Lemma probG_le_expR (p : R) (w h : nat) : 0 < p < 1 / 10 ->
  Aint p <= Num.min w%:Z h%:Z <= Aint p + 3 -> (w + h)%:Z <= Bint p ->
  probG p w h <=
    expR (- (w%:R - (Aint p)%:~R) * gfun ((Aint p)%:~R * qp p)
          - (h%:R - (Aint p)%:~R) * gfun ((Aint p)%:~R * qp p)
          + 40 * (Num.sqrt (qp p))^-1 * ln (qp p)^-1).
Proof.
move=> hp; wlog le_wh : w h / (w <= h)%N => [sym hA hB | hA hB].
  have [le_wh | /ltnW le_hw] := leqP w h; first exact: sym.
  rewrite minC in hA; rewrite addnC in hB.
  rewrite probGC (_ : forall x y z : R, - x * z - y * z = - y * z - x * z).
    exact: sym.
  by move=> x y z; ring.
rewrite (min_l (_ : w%:Z <= h%:Z)) // in hA; case/andP: hA => A_le le_A3.
have [A1 _] := andP (Aint_sqrt_qp hp).
set A : R := (Aint p)%:~R.
have A3 : 3 <= A by have := sqrt_qp_le hp; have := sqrt_qp_gt0 hp; nra.
have w_ge : A <= w%:R by rewrite /A -(ler_int R) in A_le.
have w_gt0 : (0 < w)%N by rewrite -(ltr0n R); lra.
have hp1 : 0 < p < 1 by case/andP: hp => p0 p1; apply/andP; split; lra.
have h_gt0 : (0 < h)%N := leq_trans w_gt0 le_wh.
have h_le : (h%:R : R) <= (Bint p)%:~R.
  by rewrite -[h%:R]/((h%:Z)%:~R) ler_int; apply: le_trans hB; rewrite lez_nat leq_addl.
have w_in : A <= w%:R <= A + 3.
  by rewrite w_ge /=; move: le_A3; rewrite -(ler_int R) intrD.
apply: le_trans (@probG_le_beta p w h hp1 w_gt0 h_gt0) _.
exact: (@beta_pow_le p hp w h w_in h_gt0 h_le).
Qed.

End Bounds.

Lemma subrect_dim (r1 r2 : rect) x y : in_rect r1 x y -> subrect r1 r2 ->
  dima r1 <= dima r2 /\ dimb r1 <= dimb r2.
Proof.
move=> [/andP[x0 x1] /andP[y0 y1]] sub12.
have [/andP[? ?] /andP[? ?]] : in_rect r2 (rx0 r1) (ry0 r1).
  by apply: sub12; split; apply/andP; split; lia.
have [/andP[? ?] /andP[? ?]] : in_rect r2 (rx1 r1) (ry1 r1).
  by apply: sub12; split; apply/andP; split; lia.
by rewrite /dima /dimb; split; lia.
Qed.

Lemma good_dim1_le (R : realType) (p : R) n Rs : good p n Rs ->
  dima (Rs 1%N) + dimb (Rs 1%N) <= Bint p.
Proof.
move=> [n_ge1 [in1 [sub [_ [dimn _]]]]].
suff chain i : (1 <= i <= n)%N -> in_rect (Rs i) 0 0 /\
    dima (Rs 1%N) + dimb (Rs 1%N) <= dima (Rs i) + dimb (Rs i).
  by apply: le_trans dimn; case: (chain n); rewrite ?n_ge1 ?leqnn.
elim: i => [// | i IH] /andP[_ le_in].
case: (posnP i) => [-> // | i_gt0].
have i_in : (1 <= i <= n)%N by rewrite i_gt0 ltnW.
have [in_i le_i] := IH i_in.
have [le_a le_b] := subrect_dim in_i (sub i i_in).
by split; [exact: sub i i_in _ _ in_i | lia].
Qed.

Theorem lemma13 (R : realType) :
  exists C5 : R, forall p : R, 0 < p < 1 / 10 ->
  forall (n : nat) (Rs : nat -> rect), good p n Rs ->
  let q := qp p in
  let a0 : R := (Aint p)%:~R in
  let b0 : R := (Aint p)%:~R in
  let s0 : R := (dima (Rs 1%N))%:~R - a0 in
  let t0 : R := (dimb (Rs 1%N))%:~R - b0 in
  probG_rect p (Rs 1%N) <=
    expR (- s0 * gfun (b0 * q) - t0 * gfun (a0 * q)
          + C5 * (Num.sqrt q)^-1 * ln (q^-1)).
Proof.
exists 40 => p hp n Rs hgood /=.
have [_ [[/andP[x0 x1] /andP[y0 y1]] [_ [hmin _]]]] := hgood.
have a_ge0 : 0 <= dima (Rs 1%N) by rewrite /dima; lia.
have b_ge0 : 0 <= dimb (Rs 1%N) by rewrite /dimb; lia.
move: hmin (good_dim1_le hgood) a_ge0 b_ge0; rewrite /probG_rect.
case: (dima _) => [w|//]; case: (dimb _) => [h|//] hmin dim_sum _ _.
exact: probG_le_expR.
Qed.
(* Let $A,B\in\mathbb{R}^{N\times N}$, $\tau>0$, $T>0$. The system $u'(t)=Au(t)+Bu(t-\tau)$ has no nontrivial $T$-periodic solutions if and only if $$h_k:=\det\begin{pmatrix}X_k & -Y_k\\ Y_k & X_k\end{pmatrix}\neq0\quad\text{for all }k\in\mathbb{N}_0,$$ where $X_k:=A+\cos(\lambda_k\tau)B$, $Y_k:=\lambda_kI+\sin(\lambda_k\tau)B$ and $\lambda_k:=2k\pi/T$. *)

From HB Require Import structures.
From Stdlib Require Import Reals ClassicalEpsilon FunctionalExtensionality.
From mathcomp Require Import all_boot all_order all_algebra.

Set Implicit Arguments.
Unset Strict Implicit.
Unset Printing Implicit Defensive.

(* NB: after importing MathComp, the key %R denotes ring_scope; Stdlib's
   R_scope is opened here so bare numerals/operators are Stdlib reals. *)
Local Open Scope R_scope.

Definition R_eqb (x y : R) : bool := if Req_EM_T x y then true else false.
Lemma R_eqP : Equality.axiom R_eqb.
Proof. by move=> x y; rewrite /R_eqb; case: Req_EM_T => H; constructor. Qed.

HB.instance Definition _ := hasDecEq.Build R R_eqP.

Definition R_find (P : pred R) (n : nat) : option R :=
  match excluded_middle_informative (exists x, P x) with
  | left H => Some (proj1_sig (constructive_indefinite_description _ H))
  | right _ => None
  end.

Lemma R_find_correct P n x : R_find P n = Some x -> P x.
Proof.
rewrite /R_find; case: excluded_middle_informative => // H [<-].
exact: proj2_sig (constructive_indefinite_description _ H).
Qed.

Lemma R_find_complete (P : pred R) : (exists x, P x) -> exists n, R_find P n.
Proof. by move=> H; exists 0%N; rewrite /R_find; case: excluded_middle_informative. Qed.

Lemma R_find_ext (P Q : pred R) : P =1 Q -> R_find P =1 R_find Q.
Proof. by move=> /functional_extensionality -> n. Qed.

HB.instance Definition _ :=
  hasChoice.Build R R_find_correct R_find_complete R_find_ext.

Lemma R_addA : ssrfun.associative Rplus. Proof. by move=> x y z; rewrite Rplus_assoc. Qed.
Lemma R_addC : ssrfun.commutative Rplus. Proof. exact: Rplus_comm. Qed.
Lemma R_add0 : left_id 0 Rplus. Proof. exact: Rplus_0_l. Qed.
Lemma R_addN : left_inverse 0 Ropp Rplus. Proof. exact: Rplus_opp_l. Qed.

HB.instance Definition _ := GRing.isZmodule.Build R R_addA R_addC R_add0 R_addN.

Lemma R_mulA : ssrfun.associative Rmult. Proof. by move=> x y z; rewrite Rmult_assoc. Qed.
Lemma R_mulC : ssrfun.commutative Rmult. Proof. exact: Rmult_comm. Qed.
Lemma R_mul1 : left_id 1 Rmult. Proof. exact: Rmult_1_l. Qed.
Lemma R_mulDl : left_distributive Rmult Rplus.
Proof. by move=> x y z; rewrite Rmult_plus_distr_r. Qed.
Lemma R_one_neq0 : (1 : R) != 0.
Proof. by apply/eqP; exact: R1_neq_R0. Qed.

HB.instance Definition _ :=
  GRing.Zmodule_isComNzRing.Build R R_mulA R_mulC R_mul1 R_mulDl R_one_neq0.

Definition dde_solution (N : nat) (A B : 'M[R]_N) (tau : R)
    (u : 'I_N -> R -> R) : Prop :=
  forall (t : R) (i : 'I_N),
    derivable_pt_lim (u i) t
      (\sum_(j < N) (A i j * u j t + B i j * u j (t - tau)))%R.

Definition T_periodic (N : nat) (T : R) (u : 'I_N -> R -> R) : Prop :=
  forall (t : R) (i : 'I_N), u i (t + T) = u i t.

Definition nontrivial (N : nat) (u : 'I_N -> R -> R) : Prop :=
  exists (t : R) (i : 'I_N), u i t <> 0.

Definition lam (T : R) (k : nat) : R := 2 * INR k * PI / T.

Definition Xk (N : nat) (A B : 'M[R]_N) (tau T : R) (k : nat) : 'M[R]_N :=
  (A + cos (lam T k * tau) *: B)%R.
Definition Yk (N : nat) (B : 'M[R]_N) (tau T : R) (k : nat) : 'M[R]_N :=
  ((lam T k)%:M + sin (lam T k * tau) *: B)%R.

Definition hk (N : nat) (A B : 'M[R]_N) (tau T : R) (k : nat) : R :=
  (\det (block_mx (Xk A B tau T k) (- Yk B tau T k)
                  (Yk B tau T k) (Xk A B tau T k)))%R.

(* Testing a T-periodic solution u against cos (lam_k t) and sin (lam_k t), integrating
   by parts and moving the delay from u onto the test function by periodicity, shows that
   the Fourier coefficient vectors (c, s) of u satisfy X_k c = Y_k s and Y_k c = - X_k s,
   i.e. col (c, s) lies in the kernel of [[X_k, -Y_k], [Y_k, X_k]].  Conversely a kernel
   vector (c, s) gives the solution c cos (lam_k t) + s sin (lam_k t).  So if no h_k
   vanishes, all Fourier coefficients of u vanish, and then u = 0: were a component
   positive at x, its integral over a period against the trigonometric polynomial
   (1 - cos (lam_1 e) + cos (lam_1 (t - x)))^n, which is at least some r > 1 near x and at
   most 1 in modulus away from x, would grow like r^n instead of being 0. *)

From HB Require Import structures.
From Stdlib Require Import Reals Lra FunctionalExtensionality.
From mathcomp Require Import all_boot all_order all_algebra.
From Coquelicot Require Import Coquelicot.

Exercise instructions:
Pull out all lines from the entries above that include the word "Bint".

Output of the exercise:
  Aint p <= Num.min w%:Z h%:Z <= Aint p + 3 -> (w + h)%:Z <= Bint p ->
have h_le : (h%:R : R) <= (Bint p)%:~R.
  dima (Rs 1%N) + dimb (Rs 1%N) <= Bint p.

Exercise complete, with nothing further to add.